To test this prediction, we first evaluated the ability of the R468A/T535G mutant DBD to inhibit binding of wild-type NFAT1 DBD to the murine ARRE2 composite site in the presence of Fos and Jun. A 4-fold excess of mutant DBD (16 nM) competed >70% of DNA binding by the wild-type DBD, while a 16-fold excess (64 nM) competed binding by >95% (Figure 7A). These results indicated that NFAT1ΔReg[R468A/T535G] would have a dominant-negative effect at composite NFAT–AP-1 sites if expressed at appropriate levels. Transient reporter assays in Jurkat T cells (Figure 7B) confirmed that the cells expressing mutant NFAT1ΔReg[R468A/T535G] showed decreased activity of an NFAT–AP-1-3×luciferase reporter, relative to the activity of this reporter plasmid in cells transfected with a control expression vector (Figure 7B). Jurkat cells are highly transfectable and hence were used for these reporter assays in preference to D5 or D10 T cell clones. Western blotting (inset) indicated that the mutant protein was expressed in the whole cell population at similar levels to endogenous NFAT1, indicating higher expression levels in the fraction of productively transfected cells. Thus the decrease in reporter activity is consistent with a dominant-negative effect of the mutant protein due to its competition with endogenous NFAT proteins for the NFAT–AP-1 sites in the reporter plasmid. In similar experiments, wild-type NFAT1ΔReg produced at least a 2-fold increase in the expression of the reporter gene (data not shown).

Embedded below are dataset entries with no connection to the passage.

(* The indicators 1{X_n < xi} and 1{X'_n < xi} can only differ if X_n is within h of xi or
   if |X_n - X'_n| >= h.  By stationarity X_n has the distribution function F_X, so the first
   event has probability at most 2 L h by the Lipschitz condition; by Markov's inequality the
   second has probability at most E|X_n - X'_n|^alpha / h^alpha = O((rho^n / h)^alpha).
   Choosing h = u^n with rho < u < 1 makes both terms geometrically small, uniformly in xi. *)

Lemma g_sigma_preimage_measurable d (Omega : measurableType d) (T : Type)
    (G : set (set T)) (g : Omega -> T) :
  (forall A, G A -> measurable (g @^-1` A)) ->
  forall A, <<s G >> A -> measurable (g @^-1` A).
Proof.
move=> mG A; apply: (@smallest_sub _ _ _ [set A | measurable (g @^-1` A)]) => //.
split => /=; first by rewrite preimage_set0.
- by move=> B mB; rewrite setTD preimage_setC; exact: measurableC.
- by move=> F mF; rewrite preimage_bigcup; exact: bigcupT_measurable.
Qed.

Lemma coord_preimage_measurable d (Omega : measurableType d)
    (dE : measure_display) (E : measurableType dE) (f : nat -> Omega -> E) :
  (forall k, measurable_fun setT (f k)) ->
  forall A, <<s @coord_sets dE E >> A -> measurable ((fun w k => f k w) @^-1` A).
Proof.
move=> mf; apply: g_sigma_preimage_measurable => _ [k [B [mB ->]]].
by have := mf k measurableT B mB; rewrite setTI.
Qed.

Lemma prod_measurable_fun_comp (R : realType) d (Omega : measurableType d)
    (dE : measure_display) (E : measurableType dE) (Y : (nat -> E) -> R)
    (f : nat -> Omega -> E) :
  prod_measurable_fun Y -> (forall k, measurable_fun setT (f k)) ->
  measurable_fun setT (fun w => Y (fun k => f k w)).
Proof.
by move=> mY mf _ B mB; rewrite setTI; exact: coord_preimage_measurable (mY B mB).
Qed.

Lemma probability_preimage_eq_g_sigma d (Omega : measurableType d) (R : realType)
    (P : probability Omega R) (T : Type) (G : set (set T)) (g1 g2 : Omega -> T) :
  setI_closed G ->
  (forall A, G A -> measurable (g1 @^-1` A) /\ measurable (g2 @^-1` A)) ->
  (forall A, G A -> P (g1 @^-1` A) = P (g2 @^-1` A)) ->
  forall A, <<s G >> A -> P (g1 @^-1` A) = P (g2 @^-1` A).
Proof.
move=> GI mG PG.
have mg A : <<s G >> A -> measurable (g1 @^-1` A) /\ measurable (g2 @^-1` A).
  by move=> sGA; split; apply: g_sigma_preimage_measurable sGA => B /mG[].
pose D := [set A | <<s G >> A /\ P (g1 @^-1` A) = P (g2 @^-1` A)].
suff : <<s G >> `<=` D by move=> sGD A /sGD[].
apply: lambda_system_subset => //; last first.
  by move=> A GA; split; [exact: sub_sigma_algebra | exact: PG].
apply/dynkin_lambda_system; split.
- split; last by rewrite !preimage_setT.
  by have := sigma_algebraCD (@sigma_algebra0 _ setT G); rewrite setD0.
- move=> A [sGA PA]; split; first by have := sigma_algebraCD sGA; rewrite setTD.
  have [m1 m2] := mg A sGA.
  by rewrite 2!preimage_setC (probability_setC _ m1) (probability_setC _ m2) PA.
- move=> F tF DF; split; first by apply: sigma_algebra_bigcup => n; case: (DF n).
  have tFg (g : Omega -> T) : trivIset setT (fun n => g @^-1` F n).
    by move=> i j _ _ [w [Fi Fj]]; apply: tF => //; exists (g w).
  rewrite !preimage_bigcup !measure_bigcup //; try by move=> n _; case: (mg _ (DF n).1).
  by apply: eq_eseriesr => n _; case: (DF n).
Qed.

Definition cylinder {E : Type} (m : nat) (B : nat -> set E) : set (nat -> E) :=
  [set s | forall k, (k < m)%N -> B k (s k)].

Definition cylinders (dE : measure_display) (E : measurableType dE)
  : set (set (nat -> E)) :=
  [set A | exists (m : nat) (B : nat -> set E),
    (forall k, measurable (B k)) /\ A = cylinder m B].

Lemma cylinders_setI_closed dE (E : measurableType dE) : setI_closed (@cylinders dE E).
Proof.
move=> _ _ [m1 [B1 [mB1 ->]]] [m2 [B2 [mB2 ->]]].
exists (maxn m1 m2), (fun k => (if (k < m1)%N then B1 k else setT) `&`
                               (if (k < m2)%N then B2 k else setT)); split.
  by move=> k; apply: measurableI; case: ifP.
apply/seteqP; split => [s [s1 s2] k _|s s12].
  by split; case: ifP => // km; [exact: s1 | exact: s2].
by split=> k km; have := s12 k; rewrite leq_max km ?orbT => /(_ isT) [].
Qed.

Lemma coord_sets_sub_cylinders dE (E : measurableType dE) :
  @coord_sets dE E `<=` @cylinders dE E.
Proof.
move=> _ [k [B [mB ->]]]; exists k.+1, (fun j => if j == k then B else setT).
split=> [j|]; first by case: ifP.
apply/seteqP; split => [s Bs j _|s /(_ k (ltnSn k))]; last by rewrite eqxx.
by case: ifP => // /eqP ->.
Qed.

Lemma preimage_cylinder (Omega E : Type) (f : nat -> Omega -> E) m B :
  (fun w k => f k w) @^-1` cylinder m B =
  \big[setI/setT]_(k <- iota 0 m) (f k @^-1` B k).
Proof.
rewrite -bigcap_seq; apply/seteqP; split => w /= fw k.
- by rewrite /= mem_iota add0n => /andP[_ /fw].
- by move=> km; apply: fw; rewrite /= mem_iota add0n km.
Qed.

Section independent_family.
Context d (Omega : measurableType d) (R : realType) (P : probability Omega R).
Context dE (E : measurableType dE).

Lemma mutually_independent_comp (I J : eqType) (f : I -> Omega -> E) (phi : J -> I) :
  injective phi -> mutually_independent P f -> mutually_independent P (f \o phi).
Proof.
move=> phi_inj ind s B us mB.
pose B' i := [set e | forall j, phi j = i -> B j e].
have B'phi j : B' (phi j) = B j.
  by apply/seteqP; split => [e|e Be j' /phi_inj ->//]; apply.
have := ind (map phi s) B'; rewrite map_inj_uniq // !big_map.
under eq_bigr do rewrite B'phi; under [in RHS]eq_bigr do rewrite B'phi.
apply=> // _ /mapP[j js ->]; rewrite B'phi; exact: mB.
Qed.

Lemma independent_cylinder_prob (f : nat -> Omega -> E) m B :
  mutually_independent P f -> (forall k, measurable (B k)) ->
  P ((fun w k => f k w) @^-1` cylinder m B) = (\prod_(k <- iota 0 m) P (f k @^-1` B k))%E.
Proof.
by move=> ind mB; rewrite preimage_cylinder ind ?iota_uniq.
Qed.

Lemma independent_seq_law_eq (f g : nat -> Omega -> E) :
  (forall k, measurable_fun setT (f k)) -> (forall k, measurable_fun setT (g k)) ->
  mutually_independent P f -> mutually_independent P g ->
  (forall k B, measurable B -> P (f k @^-1` B) = P (g k @^-1` B)) ->
  forall A, <<s @coord_sets dE E >> A ->
  P ((fun w k => f k w) @^-1` A) = P ((fun w k => g k w) @^-1` A).
Proof.
move=> mf mg indf indg fg A cA.
have sub := sub_sigma_algebra2 (@coord_sets_sub_cylinders dE E).
apply: (probability_preimage_eq_g_sigma (@cylinders_setI_closed dE E)); last exact: sub _ cA.
- move=> _ [m [B [mB ->]]]; rewrite !preimage_cylinder.
  by split; apply: bigsetI_measurable => k _; rewrite -[_ @^-1` _]setTI;
    [exact: mf | exact: mg].
- move=> _ [m [B [mB ->]]]; rewrite !independent_cylinder_prob //.
  by apply: eq_bigr => k _; exact: fg.
Qed.

Lemma iid_subsequence_law_eq (I : eqType) (f : I -> Omega -> E) (phi psi : nat -> I) :
  (forall i, measurable_fun setT (f i)) ->
  mutually_independent P f -> identically_distributed P f ->
  injective phi -> injective psi ->
  forall A, <<s @coord_sets dE E >> A ->
  P ((fun w k => f (phi k) w) @^-1` A) = P ((fun w k => f (psi k) w) @^-1` A).
Proof.
move=> mf ind idd phi_inj psi_inj.
apply: independent_seq_law_eq => [k|k|||k B mB]; try exact: mf; try exact: idd.
- exact: mutually_independent_comp.
- exact: mutually_independent_comp.
Qed.

End independent_family.

Lemma markov_powR d (T : measurableType d) (R : realType)
    (mu : {measure set T -> \bar R}) (W : T -> R) (a alpha : R) :
  measurable_fun setT W -> 0 < a -> 0 <= alpha ->
  (mu [set x | (a <= `|W x|)%R] <= ((a `^ alpha)^-1)%:E * \int[mu]_x (`|W x| `^ alpha)%:E)%E.
Proof.
move=> mW a0 alpha0.
have mEW : measurable_fun setT (fun x => (W x)%:E) by exact/measurable_EFinP.
have := le_integral_comp_abse mu measurableT (measurable_poweR alpha)
  (fun r _ => poweR_ge0 r alpha) _ mEW a0.
rewrite setTI lee_pdivlMl ?powR_gt0 //; apply.
by move=> x y; rewrite !inE /= !in_itv /= => /andP[x0 _] /andP[y0 _];
  apply: gt0_ler_poweR; rewrite ?in_itv /= ?x0 ?y0 ?leey.
Qed.

Lemma lt_neq_far_or_near (R : realFieldType) (z z' xi h : R) :
  (z < xi) != (z' < xi) -> h <= `|z - z'| \/ xi - h < z <= xi + h.
Proof.
move=> neq; case: (lerP h `|z - z'|) => [|]; first by left.
rewrite ltr_norml => /andP[h1 h2]; right.
by move: neq; case: (ltrP z xi); case: (ltrP z' xi) => //= ? ? _; apply/andP; split; lra.
Qed.

Lemma measurable_set_bool d (T : measurableType d) (p : T -> bool) :
  measurable_fun setT p -> measurable [set w | p w].
Proof. by move=> mp; have := mp measurableT [set true] I; rewrite setTI. Qed.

Based on these results, we compared gene expression in uninfected D10 cells and in the D10 cell line stably expressing the NFAT1ΔReg[R468A/T535G] mutant protein (to a level ∼2-fold higher than endogenous NFAT1; Figure 7C). The cells were stimulated with PMA and ionomycin for 4 h and their pattern of cytokine expression was analyzed by RNase protection assay. Compared with uninfected D10 cells, the clone expressing the mutant NFAT1ΔReg protein showed a detectable, CsA-resistant increase in TNFα mRNA expression, but produced significantly less fasL, MIP-1α and IL-3 mRNA upon stimulation (Figure 7D). These results identify new genes (fasL, MIP-1α, IL-3) whose expression is dependent on NFAT–AP-1 cooperation, and confirm that the NFAT1ΔReg[R468A/T535G] mutant protein exerts a selective dominant-negative effect at NFAT–AP-1 composite sites as well as driving transcription of TNFα mRNA by binding to AP-1-independent NFAT sites.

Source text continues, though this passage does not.